◆ **WHAT TO PRODUCE**:
Reproduce the material that follows, please, but only from its first line to the line containing "move=> H_orth; apply: (@complexI", inclusive.
◆ ◆ ◆ ◆
Lemma sum_cmod_orthonormal n (H : 'M[R]_n) (z : 'I_n -> C) :
  (forall l l', \sum_j H l j * H l' j = (l == l')%:R) ->
  \sum_j cmod (\sum_l z l * (H l j)%:C) ^+ 2 = \sum_l cmod (z l) ^+ 2.
Proof.
move=> H_orth; apply: (@complexI R); rewrite !rmorph_sum /=.
under eq_bigr do rewrite cmod_sqrE rmorph_sum /= mulr_suml.
under [RHS]eq_bigr do rewrite cmod_sqrE.
transitivity (\sum_j \sum_l \sum_l' z l * Num.conj (z l') * (H l j * H l' j)%:C).
  apply: eq_bigr => j _; apply: eq_bigr => l _; rewrite mulr_sumr.
  by apply: eq_bigr => l' _; rewrite rmorphM /= conj_real !rmorphM /=; ring.
rewrite exchange_big; apply: eq_bigr => l _; rewrite exchange_big.
transitivity (\sum_l' (l == l')%:R * (z l * Num.conj (z l'))).
  apply: eq_bigr => l' _; rewrite -mulr_sumr -rmorph_sum /= H_orth.
  by rewrite (rmorph_nat (real_complex R)) mulrC.
by rewrite sumr_delta.
Qed.

Definition frobenius2 n (A : 'M[C]_n) := \sum_i \sum_j cmod (A i j) ^+ 2.

Lemma cvec_norm0 n : cvec_norm (0 : 'cV[C]_n) = 0.
Proof. by rewrite /cvec_norm big1 ?sqrtr0 // => i _; rewrite mxE cmod0 expr0n. Qed.

Lemma cvec_norm_mulmx_le n (A : 'M[C]_n) (u : 'cV[C]_n) :
  cvec_norm (A *m u) <= Num.sqrt (frobenius2 A) * cvec_norm u.
Proof.
have sqr_sum_ge0 m (z : 'I_m -> C) : 0 <= \sum_i cmod (z i) ^+ 2.
  by apply: sumr_ge0 => i _; exact: sqr_ge0.
rewrite /cvec_norm -sqrtrM ?sumr_ge0 // ler_wsqrtr // /frobenius2 mulr_suml.
apply: ler_sum => i _; rewrite mxE; exact: CauchySchwarz_cmod.
Qed.

Lemma cmx_opnorm_le_frobenius n (A : 'M[C]_n) :
  cmx_opnorm A <= Num.sqrt (frobenius2 A).
Proof.
apply: ge_sup; first by exists (cvec_norm (A *m 0)); exists 0; rewrite //= cvec_norm0.
move=> _ [u u_le1 <-]; apply: le_trans (cvec_norm_mulmx_le A u) _.
by rewrite ler_piMr ?sqrtr_ge0.
Qed.

Lemma frobenius2_block0 m k (A : 'M[C]_m) :
  frobenius2 (block_mx A 0 0 0 : 'M[C]_(m + k)) = frobenius2 A.
Proof.
rewrite /frobenius2 big_split_ord /= [X in _ + X]big1 ?addr0 => [|i _]; last first.
  rewrite big_split_ord /= !big1 ?addr0 // => j _;
    by rewrite ?block_mxEdl ?block_mxEdr mxE cmod0 expr0n.
apply: eq_bigr => i _; rewrite big_split_ord /= [X in _ + X]big1 ?addr0 => [|j _].
  by apply: eq_bigr => j _; rewrite block_mxEul.
by rewrite block_mxEur mxE cmod0 expr0n.
Qed.

Lemma frobenius2_sub_corner_le n (M : 'M[C]_n.+1) c :
  frobenius2 ((M : 'M[C]_(1 + n)) - block_mx c%:M 0 0 (drsubmx (M : 'M[C]_(1 + n))))
    <= \sum_j cmod ((M - c%:M) ord0 j) ^+ 2 + \sum_i cmod ((M - c%:M) i ord0) ^+ 2.
Proof.
rewrite /frobenius2 (bigD1 ord0) //= lerD //.
  by apply: ler_sum => j _; rewrite sub_corner_cross eqxx.
apply: (@le_trans _ _ (\sum_(i | i != ord0) cmod ((M - c%:M) i ord0) ^+ 2)).
  apply: ler_sum => i i_neq0; rewrite (bigD1 ord0) //= big1 ?addr0.
    by rewrite sub_corner_cross eqxx orbT.
  move=> j j_neq0.
  by rewrite sub_corner_cross (negPf i_neq0) (negPf j_neq0) cmod0 expr0n.
by rewrite [X in _ <= X](bigD1 ord0) //= lerDr sqr_ge0.
Qed.

Lemma cmx_opnorm_sub_corner_lt n k (M : 'M[C]_n.+1) c (eps : R) : 0 < eps ->
  \sum_j cmod ((M - c%:M) ord0 j) ^+ 2 < eps ^+ 2 ->
  \sum_i cmod ((M - c%:M) i ord0) ^+ 2 < eps ^+ 2 ->
  cmx_opnorm (block_mx ((M : 'M[C]_(1 + n))
                           - block_mx c%:M 0 0 (drsubmx (M : 'M[C]_(1 + n)))) 0 0 0
                : 'M[C]_(1 + n + k)) < 2 * eps.
Proof.
move=> eps_gt0 row_lt col_lt.
apply: le_lt_trans (cmx_opnorm_le_frobenius _) _; rewrite frobenius2_block0.
rewrite -[2 * eps]ger0_norm ?mulr_ge0 ?ltW // -sqrtr_sqr.
rewrite ltr_sqrt ?exprn_gt0 ?mulr_gt0 //.
apply: le_lt_trans (frobenius2_sub_corner_le _ _) _; nra.
Qed.

End ComplexNorms.

Lemma continuous_real_complex (R : realType) (T : topologicalType) (r : T -> R) :
  continuous r -> continuous (fun t => (r t)%:C : Cplx R).
Proof.
move=> r_cont t; apply/cvgrPdist_lt => e; rewrite ltcE => /andP[/eqP Im_e Re_e].
have -> : e = (complex.Re e)%:C by case: e Im_e {Re_e} => a b /= ->.
have /cvgrPdist_lt/(_ _ Re_e) := r_cont t; apply: filterS => s.
by rewrite -rmorphB /= -cmodE cmod_real ltcR.
Qed.

Lemma ctrmx_real (R : realType) n (S : 'M[R]_n) :
  ctrmx (map_mx (real_complex R) S : 'M[Cplx R]_n) = map_mx (real_complex R) S^T.
Proof. by apply/matrixP => i j; rewrite !mxE conj_real. Qed.

Section RealSymmetricOrthogonal.
Variables (R : realType) (n : nat) (H : 'M[R]_n).
Hypotheses (H_sym : H^T = H) (H_orth : H *m H = 1%:M).
Local Notation A := (map_mx (real_complex R) H : 'M[Cplx R]_n).

Lemma ctrmx_block_real k :
  ctrmx (block_mx A 0 0 1%:M : 'M[Cplx R]_(n + k)) = block_mx A 0 0 1%:M.
Proof.
have -> : block_mx A 0 0 1%:M
    = map_mx (real_complex R) (block_mx H 0 0 1%:M : 'M[R]_(n + k)).
  by rewrite map_block_mx !map_mx0 map_mx1.
by rewrite ctrmx_real tr_block_mx H_sym !trmx0 trmx1.
Qed.

Lemma unitary_block_real k :
  unitary_cmx (block_mx A 0 0 1%:M : 'M[Cplx R]_(n + k)).
Proof.
rewrite /unitary_cmx ctrmx_block_real mulmx_block !mulmx0 !mul0mx !addr0 add0r.
by rewrite mulmx1 -map_mxM H_orth map_mx1 -scalar_mx_block.
Qed.

Lemma sum_cmod_conj_diag (e : 'rV[Cplx R]_n) i :
  \sum_j cmod ((A *m diag_mx e *m A) i j) ^+ 2
    = \sum_l H i l ^+ 2 * cmod (e 0 l) ^+ 2.
Proof.
have H_rows l l' : \sum_j H l j * H l' j = (l == l')%:R.
  have /matrixP/(_ l l') := H_orth; rewrite !mxE => <-.
  by apply: eq_bigr => j _; have /matrixP/(_ l' j) := H_sym; rewrite mxE => ->.
transitivity (\sum_j cmod (\sum_l (H i l)%:C * e 0 l * (H l j)%:C) ^+ 2).
  apply: eq_bigr => j _; rewrite mul_mx_diag mxE.
  by under eq_bigr do rewrite !mxE.
rewrite sum_cmod_orthonormal //.
by apply: eq_bigr => l _; rewrite cmodM cmod_real exprMn real_normK ?num_real.
Qed.

Lemma conj_diag_sym (e : 'rV[Cplx R]_n) : (A *m diag_mx e *m A)^T = A *m diag_mx e *m A.
Proof. by rewrite !trmx_mul tr_diag_mx map_trmx H_sym mulmxA. Qed.

Lemma sum_cmod_conj_diag_col (e : 'rV[Cplx R]_n) j :
  \sum_i cmod ((A *m diag_mx e *m A) i j) ^+ 2
    = \sum_l H j l ^+ 2 * cmod (e 0 l) ^+ 2.
Proof.
rewrite -sum_cmod_conj_diag; apply: eq_bigr => i _.
by rewrite -[in LHS]conj_diag_sym mxE.
Qed.

End RealSymmetricOrthogonal.

Lemma diag_starhom_block (R : realType) (X Y : Type) m k
    (lam : 'I_(m + k) -> Y -> X) (f : X -> Cplx R) y :
  diag_starhom lam f y = block_mx (diag_mx (\row_i f (lam (lshift k i) y))) 0 0
                                  (diag_mx (\row_j f (lam (rshift m j) y))).
Proof.
rewrite /diag_starhom -diag_mx_row; congr diag_mx; apply/matrixP => i j.
by case: (split_ordP j) => l ->; rewrite ?row_mxEl ?row_mxEr !mxE.
Qed.

Lemma conj_diag_continuous (R : realType) (T : topologicalType) n
    (a : T -> 'M[Cplx R]_n) (e : T -> 'rV[Cplx R]_n) i j :
  (forall i j, continuous (fun y => a y i j)) ->
  (forall l, continuous (fun y => e y 0 l)) ->
  continuous (fun y => (a y *m diag_mx (e y) *m a y) i j).
Proof.
move=> a_cont e_cont.
have -> : (fun y => (a y *m diag_mx (e y) *m a y) i j)
    = fun y => \sum_l a y i l * e y 0 l * a y l j.
  by apply/funext => y; rewrite mul_mx_diag mxE; apply: eq_bigr => l _; rewrite mxE.
apply: continuous_sumr => l y.
by apply: cvgM; [apply: cvgM|]; [exact: a_cont | exact: e_cont | exact: a_cont].
Qed.

(* Paper's m is p.+1 (so m >= 1), paper's n is p.+1 + k (so m <= n). *)
Theorem theorem3p1 (R : realType) (X Y : metricType R)
  (cX : compact [set: X]) (cY : compact [set: Y])
  (p k : nat) (lam : 'I_(p.+1 + k) -> Y -> X)
  (lam_cont : forall i, continuous (lam i))
  (x0 : X) (f : X -> Cplx R) (f_cont : continuous f)
  (eps : R) (eps_gt0 : 0 < eps) (eta : R) (eta_gt0 : 0 < eta)
  (f_eta : forall x y : X, mdist x y < 2 * eta -> cmod (f x - f y) < eps)
  (F : 'I_p.+1 -> set Y)
  (F_closed : forall i, closed (F i)) (F_nonempty : forall i, F i !=set0)
  (F_lam : forall (i : 'I_p.+1) (y : Y), F i y -> mdist (lam (lshift k i) y) x0 < eta) :
  exists (a : Y -> 'M[Cplx R]_p.+1) (b : Y -> 'M[Cplx R]_p),
    (forall i j, continuous (fun y => a y i j)) /\
    (forall i j, continuous (fun y => b y i j)) /\
    (forall y, unitary_cmx (block_mx (a y) 0 0 1%:M : 'M[Cplx R]_(p.+1 + k))) /\
    (forall y, (exists i, F i y) ->
       cmx_opnorm ((block_mx (a y) 0 0 1%:M : 'M[Cplx R]_(p.+1 + k))
                 *m diag_starhom lam f y
                 *m ctrmx (block_mx (a y) 0 0 1%:M : 'M[Cplx R]_(p.+1 + k))
               - (block_mx (block_mx (f x0)%:M 0 0 (b y)) 0 0
                    (diag_mx (\row_j f (lam (rshift p.+1 j) y)))
                  : 'M[Cplx R]_(1 + p + k)))
       < 2 * eps).
Proof.
have [v [v_cont v_ge0 v_unit v_supp]] := exists_unit_weights
  (fun i : 'I_p.+1 => mdist_continuous (x0 := x0) (lam_cont (lshift k i))) eta_gt0.
have v0_neq y : 1 + v ord0 y != 0 by rewrite gt_eqF // ltr_wpDr ?v_ge0.
pose H y := householder (v^~ y).
have H_sym y : (H y)^T = H y := householder_sym _.
have H_orth y : H y *m H y = 1%:M := householder_orth (v0_neq y) (v_unit y).
pose a y : 'M[Cplx R]_p.+1 := map_mx (real_complex R) (H y).
pose d y : 'rV[Cplx R]_p.+1 := \row_i f (lam (lshift k i) y).
have a_cont i j : continuous (fun y => a y i j).
  under [fun _ => _]funext do rewrite mxE.
  exact/continuous_real_complex/householder_continuous.
exists a, (fun y => drsubmx (a y *m diag_mx (d y) *m a y : 'M[Cplx R]_(1 + p))).
split; [exact: a_cont | split; [|split]].
- move=> i j; under [fun _ => _]funext do rewrite mxE [dsubmx _ _ _]mxE.
  apply: conj_diag_continuous => // l y; rewrite /d.
  under [fun _ => _]funext do rewrite mxE.
  exact: continuous_comp (lam_cont _ _) (f_cont _).
- by move=> y; exact: unitary_block_real.
- move=> y [i0 /F_lam near_x0].
  have AA : a y *m a y = 1%:M by rewrite -map_mxM H_orth map_mx1.
  have H_row0 l : H y ord0 l ^+ 2 = v l y ^+ 2.
    by rewrite -[H y]H_sym mxE householder_col0 ?sqrrN.
  have err_lt : \sum_l H y ord0 l ^+ 2 * cmod (d y 0 l - f x0) ^+ 2 < eps ^+ 2.
    apply: weighted_mean_lt => [l | | l]; first exact: sqr_ge0.
      by under eq_bigr do rewrite H_row0; exact: v_unit.
    rewrite H_row0 sqrf_eq0 => /(v_supp y (ex_intro _ i0 near_x0)) near2.
    by rewrite mxE ltrXn2r ?cmod_ge0 //; exact: f_eta.
  rewrite ctrmx_block_real // diag_starhom_block block_conj_diag_sub.
  apply: cmx_opnorm_sub_corner_lt => //; rewrite conj_diag_sub_scalar //.
    by rewrite sum_cmod_conj_diag //; under eq_bigr do rewrite [in cmod _]mxE.
  by rewrite sum_cmod_conj_diag_col //; under eq_bigr do rewrite [in cmod _]mxE.
Qed.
◆ ◆ ◆ ◆
◆ **EXPECTED ANSWER**:
Lemma sum_cmod_orthonormal n (H : 'M[R]_n) (z : 'I_n -> C) :
  (forall l l', \sum_j H l j * H l' j = (l == l')%:R) ->
  \sum_j cmod (\sum_l z l * (H l j)%:C) ^+ 2 = \sum_l cmod (z l) ^+ 2.
Proof.
move=> H_orth; apply: (@complexI R); rewrite !rmorph_sum /=.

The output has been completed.